**REQUIRED WORK**.
Lift out all lines below that contain "their".

**EXERCISE MATERIALS**.

(* Let $X$ be a $T_1$ topological space. (i) A nonzero ideal $I$ of $C_c(X)_F$ is minimal if and only if $I$ is generated by $\chi_{\{a\}}$ for some $a\in X$. (ii) A nonzero ideal $I$ of $C_c(X)_F$ is minimal if and only if $|Z[I]|=2$. (iii) The socle of $C_c(X)_F$ is the set of all $f\in C_c(X)_F$ such that $X\setminus Z(f)$ is finite. (iv) The socle of $C_c(X)_F$ is an essential ideal and $\bigcap_{f\in \mathrm{Soc}}Z(f)=\emptyset$.
   Context: $C_c(X)_F$ denotes the set of all functions $f:X\to\mathbb{R}$ whose range is countable and whose set of points of discontinuity is finite; it is a commutative ring with unity under pointwise operations. $Z(f)=\{x:f(x)=0\}$, $Z[I]=\{Z(f):f\in I\}$. $\chi_{\{a\}}$ is the function equal to $1$ at $a$ and $0$ elsewhere. The socle $\mathrm{Soc}$ of a commutative ring is the sum of all its minimal ideals. An ideal is essential if it meets every nonzero ideal nontrivially. *)

From HB Require Import structures.
From mathcomp Require Import all_boot all_order all_algebra.
From mathcomp Require Import all_classical all_reals.
From mathcomp Require Import topology normedtype.
Import numFieldNormedType.Exports.
Set Implicit Arguments. Unset Strict Implicit. Unset Printing Implicit Defensive.
Import Order.TTheory GRing.Theory Num.Theory.
Local Open Scope classical_set_scope.
Local Open Scope ring_scope.

Section CcF.
Variables (X : topologicalType) (R : realType).

Definition CcF : set (X -> R) :=
  [set f : X -> R | countable (range f) /\ finite_set [set x | ~ {for x, continuous (f : X -> R)}]].

Definition Z (f : X -> R) : set X := [set x | f x = 0].

Definition ZI (I : set (X -> R)) : set (set X) := Z @` I.

Definition chi (a : X) : X -> R := fun x => if pselect (x = a) then 1 else 0.

Definition ideal (I : set (X -> R)) : Prop :=
  [/\ I `<=` CcF, I (fun _ => 0),
      (forall f g, I f -> I g -> I (f \- g)) &
      (forall f g, CcF f -> I g -> I (f \* g))].

Definition nonzero_ideal (I : set (X -> R)) : Prop :=
  ideal I /\ I <> [set (fun _ : X => 0 : R)].

Definition minimal_ideal (I : set (X -> R)) : Prop :=
  nonzero_ideal I /\ (forall J, nonzero_ideal J -> J `<=` I -> J = I).

Definition gen_ideal (S : set (X -> R)) : set (X -> R) :=
  \bigcap_(J in [set J | ideal J /\ S `<=` J]) J.

(* socle: the sum of all minimal ideals, i.e. the ideal generated by their union *)
Definition socle : set (X -> R) :=
  gen_ideal (\bigcup_(I in minimal_ideal) I).

Definition essential_ideal (I : set (X -> R)) : Prop :=
  ideal I /\ forall J, nonzero_ideal J -> exists f, I f /\ J f /\ f <> (fun _ => 0).

End CcF.

From Pilot Require Import Defs.
From HB Require Import structures.
From mathcomp Require Import all_boot all_order all_algebra.
From mathcomp Require Import all_classical all_reals.
From mathcomp Require Import topology normedtype.
Import numFieldNormedType.Exports.
Import Order.TTheory GRing.Theory Num.Theory.
Local Open Scope classical_set_scope.
Local Open Scope ring_scope.

(* Every ideal containing a function f with f a <> 0 contains
   chi a = (chi a / f a) * f, hence all multiples of chi a; these multiples
   form an ideal with no nonzero proper subideal.  So the minimal ideals are
   exactly the lines R chi a, whose zero sets are X and X \ {a}, and the socle,
   their sum, consists of the finitely supported functions.  In a T1 space
   finitely supported functions are continuous off their (closed) support, so
   they all lie in C_c(X)_F. *)

Lemma CcF_finite_support (X : topologicalType) (R : realType)
    (hT1 : accessible_space X) (f : X -> R) :
  finite_set (~` Z f) -> CcF f.
Proof.
move=> fin; split.
- apply: finite_set_countable.
  apply: (@sub_finite_set _ _ ([set 0] `|` (f @` (~` Z f)))).
    move=> _ [x _ <-]; have [->|fx] := pselect (f x = 0); first by left.
    by right; exists x.
  by rewrite finite_setU; split; [exact: finite_set1 | exact: finite_image].
- apply: (sub_finite_set _ fin) => x ncont fx0; apply: ncont.
  have Zf_open : open (Z f).
    rewrite -[Z f]setCK; apply: closed_openC.
    exact: (@accessible_finite_set_closed X).1 hT1 _ fin.
  by apply: cvg_near_cst; rewrite fx0; exact: open_nbhs_nbhs.
Qed.

Lemma setT_neq_setC1 (T : Type) (a : T) : [set: T] <> ~` [set a].
Proof. by move=> /(congr1 (fun P => P a)) /=; rewrite propeqE => -[+ _]; apply. Qed.

Lemma setC1_inj (T : Type) (a b : T) : ~` [set a] = ~` [set b] -> a = b.
Proof.
move=> /(congr1 (fun P => P a)) /=; rewrite propeqE => -[_ ab].
by apply: contrapT => /ab; apply.
Qed.

Lemma set2_no_three (T : Type) (A B U V W : T) :
  U <> V -> U <> W -> V <> W ->
  ~ [/\ ([set A] `|` [set B]) U, ([set A] `|` [set B]) V & ([set A] `|` [set B]) W].
Proof. by move=> UV UW VW [[]eU []eV []eW]; congruence. Qed.

Section MinimalIdeals.
Variables (X : topologicalType) (R : realType).
Hypothesis hT1 : accessible_space X.

Local Notation chi := (@chi X R).
Local Notation CcF := (@CcF X R).
Local Notation ideal := (@ideal X R).
Local Notation nonzero_ideal := (@nonzero_ideal X R).
Local Notation minimal_ideal := (@minimal_ideal X R).
Local Notation socle := (@socle X R).

Definition chi_span (a : X) : set (X -> R) :=
  [set f | exists c : R, f = (fun x => c * chi a x)].

Definition finite_support : set (X -> R) := [set f | CcF f /\ finite_set (~` Z f)].

Lemma chi_self (a : X) : chi a a = 1.
Proof. by rewrite /Defs.chi; case: pselect. Qed.

Lemma chi_other (a x : X) : x <> a -> chi a x = 0.
Proof. by rewrite /Defs.chi; case: pselect. Qed.

Lemma chiM (a : X) (g : X -> R) : chi a \* g = (fun x => g a * chi a x).
Proof.
apply/funext => x /=; have [->|xa] := pselect (x = a).
  by rewrite chi_self mul1r mulr1.
by rewrite chi_other // mul0r mulr0.
Qed.

Lemma Z_chiM {a : X} {g : X -> R} : g a <> 0 -> Z (chi a \* g) = ~` [set a].
Proof.
move=> ga; rewrite chiM; apply/seteqP; split => x /=.
  by move=> + xa; rewrite /Z /= xa chi_self mulr1.
by move=> xa; rewrite /Z /= chi_other // mulr0.
Qed.

Lemma Z0 : Z (fun _ : X => 0 : R) = [set: X].
Proof. by apply/seteqP; split. Qed.

Lemma CcF_cst (c : R) : CcF (fun _ : X => c).
Proof.
split.
  apply: finite_set_countable; apply: (@sub_finite_set _ _ [set c]).
    by move=> _ [x _ <-].
  exact: finite_set1.
rewrite (_ : [set x | _] = set0) //; apply/seteqP; split => // x /= [].
exact: cst_continuous.
Qed.

Lemma chi_span_finite_support (a : X) : chi_span a `<=` finite_support.
Proof.
move=> _ [c ->]; suff fin : finite_set (~` Z (fun x => c * chi a x)).
  by split=> //; exact: CcF_finite_support.
apply: (@sub_finite_set _ _ [set a]); last exact: finite_set1.
by move=> x /= nz; apply: contrapT => xa; apply: nz; rewrite /Z /= chi_other ?mulr0.
Qed.

Lemma chi_span_chi (a : X) : chi_span a (chi a).
Proof. by exists 1; apply/funext => x; rewrite mul1r. Qed.

Lemma CcF_chi (a : X) : CcF (chi a).
Proof. by have [] := @chi_span_finite_support a _ (chi_span_chi a). Qed.

Lemma ideal_chi_span (a : X) : ideal (chi_span a).
Proof.
split.
- by move=> f /chi_span_finite_support [].
- by exists 0; apply/funext => x; rewrite mul0r.
- by move=> _ _ [c ->] [d ->]; exists (c - d); apply/funext => x /=; rewrite mulrBl.
- move=> f _ _ [c ->]; exists (f a * c); apply/funext => x /=.
  have [->|xa] := pselect (x = a); first by rewrite chi_self !mulr1.
  by rewrite chi_other // !mulr0.
Qed.

Lemma idealD {I : set (X -> R)} {f g : X -> R} : ideal I -> I f -> I g -> I (f \+ g).
Proof.
move=> [_ I0 IB _] If Ig.
suff -> : f \+ g = f \- ((fun _ => 0) \- g) by apply/IB/IB.
by apply/funext => x /=; rewrite sub0r opprK.
Qed.

Lemma ideal_finite_support : ideal finite_support.
Proof.
split=> [f []//|||].
- split; first exact: CcF_cst.
  by rewrite Z0 setCT; exact: finite_set0.
- move=> f g [_ ff] [_ fg].
  suff fin : finite_set (~` Z (f \- g)) by split=> //; exact: CcF_finite_support.
  apply: (@sub_finite_set _ _ (~` Z f `|` ~` Z g)); last by rewrite finite_setU.
  move=> x /= fgx; apply: contrapT => /not_orP[/contrapT fx /contrapT gx].
  by apply: fgx; rewrite /Z /= fx gx subr0.
- move=> f g _ [_ fg].
  suff fin : finite_set (~` Z (f \* g)) by split=> //; exact: CcF_finite_support.
  by apply: (sub_finite_set _ fg) => x /= fgx gx; apply: fgx; rewrite /Z /= gx mulr0.
Qed.

Lemma ideal_gen_ideal (S : set (X -> R)) :
  (exists J, ideal J /\ S `<=` J) -> ideal (gen_ideal S).
Proof.
move=> [J0 J0S]; split.
- by move=> f /(_ J0 J0S); case: J0S => -[+ _ _ _] _; apply.
- by move=> J [[]].
- by move=> f g Sf Sg J JS; case: (JS) => -[_ _ JB _] _; apply: JB; [exact: Sf | exact: Sg].
- by move=> f g Cf Sg J JS; case: (JS) => -[_ _ _ JM] _; apply: JM => //; exact: Sg.
Qed.

Lemma nonzero_idealP {J : set (X -> R)} :
  nonzero_ideal J -> exists f a, J f /\ f a <> 0.
Proof.
move=> [[_ J0 _ _] Jn]; apply: contrapT => J_zero; apply: Jn.
apply/seteqP; split=> [f Jf|_ ->] //=; apply/funext => x.
by apply: contrapT => fx; apply: J_zero; exists f, x.
Qed.

Lemma chi_span_sub {I : set (X -> R)} {f : X -> R} {a : X} :
  ideal I -> I f -> f a <> 0 -> chi_span a `<=` I.
Proof.
move=> [_ _ _ IM] If fa _ [c ->].
suff -> : (fun x => c * chi a x) = (fun _ => c / f a) \* (chi a \* f).
  by apply/IM/IM => //; [exact: CcF_cst | exact: CcF_chi].
by apply/funext => x; rewrite chiM /= mulrA mulfVK //; apply/eqP.
Qed.

Lemma nonzero_ideal_chi_span (a : X) : nonzero_ideal (chi_span a).
Proof.
split; first exact: ideal_chi_span.
move=> span0; have : [set (fun _ : X => 0 : R)] (chi a) by rewrite -span0; exact: chi_span_chi.
by move=> /(congr1 (fun g => g a)) /eqP; rewrite chi_self oner_eq0.
Qed.

Lemma minimal_ideal_chi_span (a : X) : minimal_ideal (chi_span a).
Proof.
split=> [|J nJ Jspan]; first exact: nonzero_ideal_chi_span.
apply/seteqP; split=> //.
have [f [x [Jf fx]]] := nonzero_idealP nJ.
have xa : x = a.
  by apply: contrapT => xa; apply: fx; have [c ->] := Jspan _ Jf; rewrite chi_other ?mulr0.
by subst x; exact: chi_span_sub nJ.1 Jf fx.
Qed.

Lemma minimal_idealP (I : set (X -> R)) : minimal_ideal I -> exists a, I = chi_span a.
Proof.
move=> [nI Imin]; have [f [a [If fa]]] := nonzero_idealP nI.
exists a; apply/esym/Imin; first exact: nonzero_ideal_chi_span.
exact: chi_span_sub nI.1 If fa.
Qed.

Lemma gen_ideal_chi (a : X) : gen_ideal [set chi a] = chi_span a.
Proof.
apply/seteqP; split=> [f|_ [c ->] J [[_ _ _ JM] SJ]].
  by apply; split; [exact: ideal_chi_span | move=> _ ->; exact: chi_span_chi].
by apply: (JM (fun _ => c)); [exact: CcF_cst | exact: SJ].
Qed.

Lemma ZI_chi_span (a : X) : ZI (chi_span a) = [set [set: X]] `|` [set ~` [set a]].
Proof.
apply/seteqP; split=> [_ [_ [c ->] <-] /=|_ [->|->]].
- have [->|c0] := pselect (c = 0).
    by left; apply/seteqP; split => x //= _; rewrite /Z /= mul0r.
  by right; rewrite -(@Z_chiM a (fun _ => c)) // chiM.
- by exists (fun _ => 0); [by case: (ideal_chi_span a) | exact: Z0].
- exists (chi a); first exact: chi_span_chi.
  have one_neq0 : (1 : R) <> 0 by apply/eqP; exact: oner_neq0.
  by rewrite -(@Z_chiM a (fun _ => 1) one_neq0); congr Z; apply/funext => x; rewrite /= mulr1.
Qed.

(* Two points of nonvanishing a <> x in I would give three zero sets X, X \ {a}
   and X \ {x}. *)
Lemma ZI_two_chi_span {I : set (X -> R)} {A B : set X} :
  nonzero_ideal I -> ZI I = [set A] `|` [set B] -> exists a, I = chi_span a.
Proof.
move=> nI ZIE; have [f [a [If fa]]] := nonzero_idealP nI.
have [[_ I0 _ IM] _] := nI.
exists a; apply/seteqP; split; last exact: chi_span_sub nI.1 If fa.
move=> g Ig; exists (g a); rewrite -chiM; apply/funext => x.
have [->|xa] := pselect (x = a); first by rewrite /= chi_self mul1r.
rewrite /= chi_other // mul0r; apply: contrapT => gx.
apply: (@set2_no_three _ A B [set: X] (~` [set a]) (~` [set x])).
- exact: setT_neq_setC1.
- exact: setT_neq_setC1.
- by move=> eq_setC1; apply/xa/esym/setC1_inj.
rewrite -ZIE -Z0 -(Z_chiM fa) -(Z_chiM gx).
split; [exists (fun _ => 0) | exists (chi a \* f) | exists (chi x \* g)] => //.
  by apply: IM => //; exact: CcF_chi.
by apply: IM => //; exact: CcF_chi.
Qed.

Lemma minimal_ideal_gen_chi (I : set (X -> R)) :
  minimal_ideal I <-> exists a, I = gen_ideal [set chi a].
Proof.
split=> [/minimal_idealP [a ->]|[a ->]]; first by exists a; rewrite gen_ideal_chi.
by rewrite gen_ideal_chi; exact: minimal_ideal_chi_span.
Qed.

Lemma minimal_ideal_ZI (I : set (X -> R)) : nonzero_ideal I ->
  minimal_ideal I <-> exists A B : set X, A <> B /\ ZI I = [set A] `|` [set B].
Proof.
move=> nI; split=> [/minimal_idealP [a ->]|[A [B [_ ZIE]]]].
  by exists [set: X], (~` [set a]); split; [exact: setT_neq_setC1 | exact: ZI_chi_span].
by have [a ->] := ZI_two_chi_span nI ZIE; exact: minimal_ideal_chi_span.
Qed.

(* A finitely supported f is the finite sum of the f a * chi a over its support. *)
Lemma socleE : socle = finite_support.
Proof.
have socle_ideal : ideal socle.
  apply: ideal_gen_ideal; exists finite_support; split; first exact: ideal_finite_support.
  by move=> f [I /minimal_idealP [a ->]]; exact: chi_span_finite_support.
apply/seteqP; split=> [f|f [_ /finite_seqP [s supp]]].
  apply; split; first exact: ideal_finite_support.
  by move=> g [I /minimal_idealP [a ->]]; exact: chi_span_finite_support.
have : ~` Z f `<=` [set` s] by rewrite supp.
elim: s {supp} f => [|a s IH] f fs.
  suff -> : f = (fun _ => 0) by case: socle_ideal.
  by apply/funext => x; apply: contrapT => /fs.
pose g := f \- (fun x => f a * chi a x).
have -> : f = g \+ (fun x => f a * chi a x) by apply/funext => x; rewrite /g /= subrK.
apply: (idealD socle_ideal).
  apply: IH => x /= gx; have [xa|xa] := pselect (x = a).
    by exfalso; apply: gx; rewrite /Z /g /= xa chi_self mulr1 subrr.
  have /fs : (~` Z f) x.
    by move=> fx; apply: gx; rewrite /Z /g /= chi_other // mulr0 subr0; exact: fx.
  by rewrite /= in_cons => /orP[/eqP|].
by move=> J [_]; apply; exists (chi_span a); [exact: minimal_ideal_chi_span | exists (f a)].
Qed.

Lemma essential_socle : essential_ideal socle.
Proof.
split; first by rewrite socleE; exact: ideal_finite_support.
move=> J nJ; have [f [a [Jf fa]]] := nonzero_idealP nJ.
exists (chi a \* f); split; [|split].
- by rewrite socleE chiM; apply: chi_span_finite_support; exists (f a).
- by case: nJ => -[_ _ _ JM] _; apply: JM => //; exact: CcF_chi.
- by move=> /(congr1 (fun h => h a)) /=; rewrite chi_self mul1r.
Qed.

Lemma bigcap_Z_socle : \bigcap_(f in socle) Z f = set0.
Proof.
apply/seteqP; split=> // x socle_x.
have : socle (chi x) by rewrite socleE; exact/chi_span_finite_support/chi_span_chi.
by move=> /socle_x /eqP; rewrite /Z /= chi_self oner_eq0.
Qed.

End MinimalIdeals.

Theorem proposition3p16 (X : topologicalType) (R : realType)
  (hT1 : accessible_space X) :
  (* (i) *)
  (forall I : set (X -> R), nonzero_ideal I ->
     (minimal_ideal I <-> exists a : X, I = gen_ideal [set @chi X R a])) /\
  (* (ii) *)
  (forall I : set (X -> R), nonzero_ideal I ->
     (minimal_ideal I <->
      exists A B : set X, A <> B /\ ZI I = [set A] `|` [set B])) /\
  (* (iii) *)
  (@socle X R = [set f | CcF f /\ finite_set (~` Z f)]) /\
  (* (iv) *)
  (essential_ideal (@socle X R) /\
   \bigcap_(f in @socle X R) Z f = set0).
Proof.
split; first by move=> I _; exact: minimal_ideal_gen_chi.
split; first by move=> I; exact: minimal_ideal_ZI.
split; first exact: socleE.
by split; [exact: essential_socle | exact: bigcap_Z_socle].
Qed.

**WRITTEN ANSWER**.
(* socle: the sum of all minimal ideals, i.e. the ideal generated by their union *)
   their sum, consists of the finitely supported functions.  In a T1 space
   finitely supported functions are continuous off their (closed) support, so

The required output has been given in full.